(* For every $n\ge 1$, $|\mathcal{ORCT}_n|=(n+1)2^{n-1}-n$.
   Context: $X_n=\{1,2,\dots,n\}$ with its usual order. A map $\alpha:X_n\to X_n$ is order-preserving if $x\le y$ implies $x\alpha\le y\alpha$, order-reversing if $x\le y$ implies $x\alpha\ge y\alpha$, and a contraction if $|x\alpha-y\alpha|\le|x-y|$ for all $x,y$. $\mathcal{ORCT}_n$ is the set of all maps $X_n\to X_n$ (defined on all of $X_n$) that are contractions and are either order-preserving or order-reversing. *)

(* X_n = {1..n} is modelled by 'I_n = {0..n-1} (an order- and
   distance-preserving relabelling i |-> i-1). *)
From mathcomp Require Import all_boot all_order.
Set Implicit Arguments. Unset Strict Implicit. Unset Printing Implicit Defensive.

Definition dist (a b : nat) : nat := (a - b) + (b - a).

Definition order_preserving n (f : {ffun 'I_n -> 'I_n}) : bool :=
  [forall x : 'I_n, forall y : 'I_n, (x <= y)%N ==> (f x <= f y)%N].

Definition order_reversing n (f : {ffun 'I_n -> 'I_n}) : bool :=
  [forall x : 'I_n, forall y : 'I_n, (x <= y)%N ==> (f y <= f x)%N].

Definition contraction n (f : {ffun 'I_n -> 'I_n}) : bool :=
  [forall x : 'I_n, forall y : 'I_n, (dist (f x) (f y) <= dist x y)%N].

Definition ORCT n : {set {ffun 'I_n -> 'I_n}} :=
  [set f | contraction f && (order_preserving f || order_reversing f)].

From mathcomp Require Import all_boot all_order.
From mathcomp Require Import zify.
Set Implicit Arguments. Unset Strict Implicit. Unset Printing Implicit Defensive.

(* Write n = m + 1, so the maps act on 'I_m.+1.  An order-preserving
   contraction f moves by 0 or 1 between consecutive points, so it is encoded
   by its code (f 0, t), where t_j = [f (j+1) != f j] is its step sequence;
   conversely a pair (a, t) decodes to such a map (x |-> a + number of ones
   among the first x steps) exactly when a + #ones(t) <= m.  Hence
     #OP = #{(a, t) | a + #ones(t) <= m} = sum_t (m + 1 - #ones(t)),
   and pairing t with its complement gives 2 #OP = (m + 2) 2^m.
   Composing with the reflection y |-> m - y exchanges order-preserving and
   order-reversing contractions, so #OR = #OP; a map that both preserves and
   reverses the order is constant, so OP and OR share exactly m + 1 maps.
   By inclusion-exclusion #ORCT = 2 #OP - (m + 1) = (m + 2) 2^m - (m + 1). *)

Definition ones_before (s : seq bool) (j : nat) : nat := count id (take j s).

Lemma ones_before_mono s x y : x <= y ->
  ones_before s x <= ones_before s y <= ones_before s x + (y - x).
Proof.
move=> le_xy; rewrite /ones_before -(subnKC le_xy) takeD count_cat.
have := count_size id (take (y - x) (drop x s)); rewrite size_take.
case: ltnP => size_cmp; lia.
Qed.

Lemma ones_before_le_count s j : ones_before s j <= count id s.
Proof. by rewrite /ones_before -{2}(cat_take_drop j s) count_cat leq_addr. Qed.

Lemma ones_before_succ s j : j < size s ->
  ones_before s j.+1 = ones_before s j + nth false s j.
Proof. by move=> lt_js; rewrite /ones_before (take_nth false lt_js) -cats1 count_cat /= addn0. Qed.

Section OrderPreserving.
Variable m : nat.
Implicit Types (f : {ffun 'I_m.+1 -> 'I_m.+1}) (p : 'I_m.+1 * m.-tuple bool).

Definition OP : {set {ffun 'I_m.+1 -> 'I_m.+1}} :=
  [set f | contraction f && order_preserving f].
Definition OR : {set {ffun 'I_m.+1 -> 'I_m.+1}} :=
  [set f | contraction f && order_reversing f].

Definition codes : {set 'I_m.+1 * m.-tuple bool} :=
  [set p : 'I_m.+1 * m.-tuple bool | p.1 + count id p.2 <= m].

Definition decode p : {ffun 'I_m.+1 -> 'I_m.+1} :=
  [ffun x : 'I_m.+1 => inord (p.1 + ones_before p.2 x)].

Lemma steps_size f : size (mkseq (fun j => f (inord j.+1) != f (inord j)) m) == m.
Proof. by rewrite size_mkseq. Qed.

Definition steps f : m.-tuple bool := Tuple (steps_size f).

Lemma nth_steps f j : j < m ->
  nth false (steps f) j = (f (inord j.+1) != f (inord j)).
Proof. by move=> lt_jm; rewrite /= nth_mkseq. Qed.

(* For an admissible code the value never leaves the range, so [inord] is
   harmless. *)
Lemma decodeE p x : p \in codes -> (decode p x : nat) = p.1 + ones_before p.2 x.
Proof.
rewrite inE => p_code; rewrite ffunE inordK //.
by rewrite ltnS (leq_trans _ p_code) // leq_add2l ones_before_le_count.
Qed.

Lemma decode_OP p : p \in codes -> decode p \in OP.
Proof.
move=> p_code; rewrite inE; apply/andP; split.
  apply/forallP => x; apply/forallP => y; rewrite !decodeE // /dist.
  by case: (leqP x y) => [/(ones_before_mono p.2) | /ltnW/(ones_before_mono p.2)]; lia.
apply/forallP => x; apply/forallP => y; apply/implyP => /(ones_before_mono p.2).
by rewrite !decodeE //; lia.
Qed.

Lemma OP_step f j : f \in OP -> j < m ->
  (f (inord j.+1) : nat) = f (inord j) + (f (inord j.+1) != f (inord j)).
Proof.
rewrite inE => /andP[/forallP contr /forallP mono] lt_jm.
have /forallP/(_ (inord j.+1)) := contr (inord j).
have /forallP/(_ (inord j.+1))/implyP := mono (inord j).
rewrite /dist !inordK //; last lia.
move=> /(_ (leqnSn j)); rewrite -val_eqE /=.
by case: eqP => step; lia.
Qed.

Lemma OP_value f j : f \in OP -> j <= m ->
  (f (inord j) : nat) = f ord0 + ones_before (steps f) j.
Proof.
move=> f_OP; elim: j => [|j IH] le_jm.
  by rewrite /ones_before take0 addn0; congr (nat_of_ord (f _)); apply: val_inj; rewrite /= inordK.
rewrite ones_before_succ ?size_tuple // nth_steps // (OP_step f_OP le_jm).
by rewrite IH ?(ltnW le_jm) // addnA.
Qed.

(* The code of an order-preserving contraction is admissible: f m <= m. *)
Lemma OP_code f : f \in OP -> (f ord0, steps f) \in codes.
Proof.
move=> f_OP; rewrite inE /=.
have := OP_value f_OP (leqnn m).
rewrite /ones_before take_oversize ?size_tuple // => <-.
by rewrite -ltnS.
Qed.

Lemma codeK f : f \in OP -> decode (f ord0, steps f) = f.
Proof.
move=> f_OP; apply/ffunP => x; apply: val_inj => /=.
rewrite decodeE ?OP_code //= -OP_value //; last by rewrite -ltnS.
by congr (nat_of_ord (f _)); apply: val_inj; rewrite /= inordK.
Qed.

Lemma decodeK p : p \in codes -> (decode p ord0, steps (decode p)) = p.
Proof.
case: p => a t p_code; congr pair.
  by apply: val_inj => /=; rewrite decodeE //= /ones_before take0 addn0.
apply: val_inj; apply: (@eq_from_nth _ false); first by rewrite !size_tuple.
move=> j; rewrite size_tuple => lt_jm.
rewrite nth_steps // -val_eqE /= !decodeE //= !inordK; try lia.
rewrite ones_before_succ ?size_tuple // eqn_add2l.
by case: (nth false t j); rewrite ?addn0 ?eqxx //; apply/negP => /eqP; lia.
Qed.

Lemma card_OP : #|OP| = #|codes|.
Proof.
have -> : OP = decode @: codes.
  apply/setP => f; apply/idP/imsetP => [f_OP | [p p_code ->]]; last exact: decode_OP.
  by exists (f ord0, steps f); rewrite ?OP_code ?codeK.
apply: card_in_imset => p q p_code q_code eq_pq.
by rewrite -(decodeK p_code) -(decodeK q_code) eq_pq.
Qed.

End OrderPreserving.

Lemma sum_ltn_indicator N K : \sum_(a < N) (a < K : nat) = minn N K.
Proof.
elim: N => [|N IH]; first by rewrite big_ord0 min0n.
by rewrite big_ord_recr /= IH; case: (ltnP N K) => N_cmp; lia.
Qed.

Definition compl_tuple m (t : m.-tuple bool) : m.-tuple bool := map_tuple negb t.

Lemma compl_tupleK m : involutive (@compl_tuple m).
Proof. by move=> t; apply: val_inj; rewrite /= -map_comp map_id_in // => b _ /=; rewrite negbK. Qed.

Lemma count_compl_tuple m (t : m.-tuple bool) :
  count id (compl_tuple t) = m - count id t.
Proof.
rewrite /= count_map (@eq_count _ (preim negb id) (predC id)) //.
by have := count_predC id t; rewrite size_tuple; lia.
Qed.

Lemma count_tuple_le m (t : m.-tuple bool) : count id t <= m.
Proof. by rewrite -[leqRHS](size_tuple t) count_size. Qed.

Lemma card_codes_sum m : #|codes m| = \sum_(t : m.-tuple bool) (m.+1 - count id t).
Proof.
rewrite -sum1_card big_mkcond /=.
rewrite (_ : \sum_p _ = \sum_(a : 'I_m.+1) \sum_(t : m.-tuple bool)
           (if (a, t) \in codes m then 1 else 0)); last by rewrite pair_bigA; apply: eq_bigr => -[a t].
rewrite exchange_big /=; apply: eq_bigr => t _.
have := count_tuple_le t.
transitivity (minn m.+1 (m.+1 - count id t)); last by lia.
rewrite -sum_ltn_indicator; apply: eq_bigr => a _; rewrite inE /=.
by case: ifP => in_range; case: ltnP => a_cmp /=; lia.
Qed.

(* Pairing each step sequence with its complement. *)
Lemma card_codes m : 2 * #|codes m| = (m + 2) * 2 ^ m.
Proof.
rewrite card_codes_sum mul2n -addnn.
rewrite {2}(reindex_inj (can_inj (@compl_tupleK m))) -big_split /=.
rewrite (eq_bigr (fun _ => m + 2)) => [|t _]; last first.
  by rewrite count_compl_tuple; have := count_tuple_le t; lia.
by rewrite sum_nat_const card_tuple card_bool mulnC.
Qed.

Definition mirror m (f : {ffun 'I_m.+1 -> 'I_m.+1}) : {ffun 'I_m.+1 -> 'I_m.+1} :=
  [ffun x => rev_ord (f x)].

Lemma mirrorK m : involutive (@mirror m).
Proof. by move=> f; apply/ffunP => x; rewrite !ffunE rev_ordK. Qed.

Lemma contraction_mirror m (f : {ffun 'I_m.+1 -> 'I_m.+1}) :
  contraction (mirror f) = contraction f.
Proof.
apply: eq_forallb => x; apply: eq_forallb => y; rewrite !ffunE /= /dist.
have := ltn_ord (f x); have := ltn_ord (f y) => fy_lt fx_lt.
by congr (_ <= _); lia.
Qed.

Lemma reversing_mirror m (f : {ffun 'I_m.+1 -> 'I_m.+1}) :
  order_reversing (mirror f) = order_preserving f.
Proof.
apply: eq_forallb => x; apply: eq_forallb => y; rewrite !ffunE /=.
have := ltn_ord (f x); have := ltn_ord (f y) => fy_lt fx_lt.
by congr (_ ==> _); apply/idP/idP; lia.
Qed.

Lemma preserving_mirror m (f : {ffun 'I_m.+1 -> 'I_m.+1}) :
  order_preserving (mirror f) = order_reversing f.
Proof. by rewrite -{2}(mirrorK f) reversing_mirror. Qed.

Lemma card_OR m : #|OR m| = #|OP m|.
Proof.
have -> : OR m = @mirror m @: OP m.
  apply/setP => f; apply/idP/imsetP => [f_OR | [g g_OP ->]].
    exists (mirror f); last by rewrite mirrorK.
    by move: f_OR; rewrite !inE contraction_mirror preserving_mirror.
  by move: g_OP; rewrite !inE contraction_mirror reversing_mirror.
exact/card_imset/can_inj/mirrorK.
Qed.

Definition const_maps m : {set {ffun 'I_m.+1 -> 'I_m.+1}} :=
  [set [ffun=> y] | y : 'I_m.+1].

Lemma card_const_maps m : #|const_maps m| = m.+1.
Proof.
rewrite card_imset ?card_ord // => y z /ffunP/(_ ord0).
by rewrite !ffunE.
Qed.

Lemma OP_OR_const m : OP m :&: OR m = const_maps m.
Proof.
apply/setP => f; rewrite !inE; apply/idP/imsetP => [|[y _ ->]].
  move=> /andP[/andP[_ /forallP/(_ ord0)/forallP mono] /andP[_ /forallP/(_ ord0)/forallP anti]].
  exists (f ord0) => //; apply/ffunP => x; rewrite ffunE; apply/val_inj/eqP.
  by rewrite /= eqn_leq (implyP (mono x)) ?(implyP (anti x)).
have const_contr : contraction [ffun=> y].
  by apply/forallP => x; apply/forallP => z; rewrite !ffunE /dist subnn.
by rewrite const_contr; apply/andP; split; apply/forallP => x; apply/forallP => z;
  rewrite !ffunE leqnn implybT.
Qed.

Theorem corollary3p6 (n : nat) : (1 <= n)%N ->
  #|ORCT n| = ((n + 1) * 2 ^ (n - 1) - n)%N.
Proof.
case: n => [//|m] _.
have -> : ORCT m.+1 = OP m :|: OR m by apply/setP => f; rewrite !inE andb_orr.
rewrite cardsU OP_OR_const card_const_maps card_OR card_OP subSS subn0.
have := card_codes m; lia.
Qed.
◆ ◆ ◆ ◆ ◆ ◆ ◆
= Task =
Begin at the first line of the records above and restate each line word for word, stopping after the line with "Definition order_preserving n".

= Response area =
(* For every $n\ge 1$, $|\mathcal{ORCT}_n|=(n+1)2^{n-1}-n$.
   Context: $X_n=\{1,2,\dots,n\}$ with its usual order. A map $\alpha:X_n\to X_n$ is order-preserving if $x\le y$ implies $x\alpha\le y\alpha$, order-reversing if $x\le y$ implies $x\alpha\ge y\alpha$, and a contraction if $|x\alpha-y\alpha|\le|x-y|$ for all $x,y$. $\mathcal{ORCT}_n$ is the set of all maps $X_n\to X_n$ (defined on all of $X_n$) that are contractions and are either order-preserving or order-reversing. *)

(* X_n = {1..n} is modelled by 'I_n = {0..n-1} (an order- and
   distance-preserving relabelling i |-> i-1). *)
From mathcomp Require Import all_boot all_order.
Set Implicit Arguments. Unset Strict Implicit. Unset Printing Implicit Defensive.

Definition dist (a b : nat) : nat := (a - b) + (b - a).

Definition order_preserving n (f : {ffun 'I_n -> 'I_n}) : bool :=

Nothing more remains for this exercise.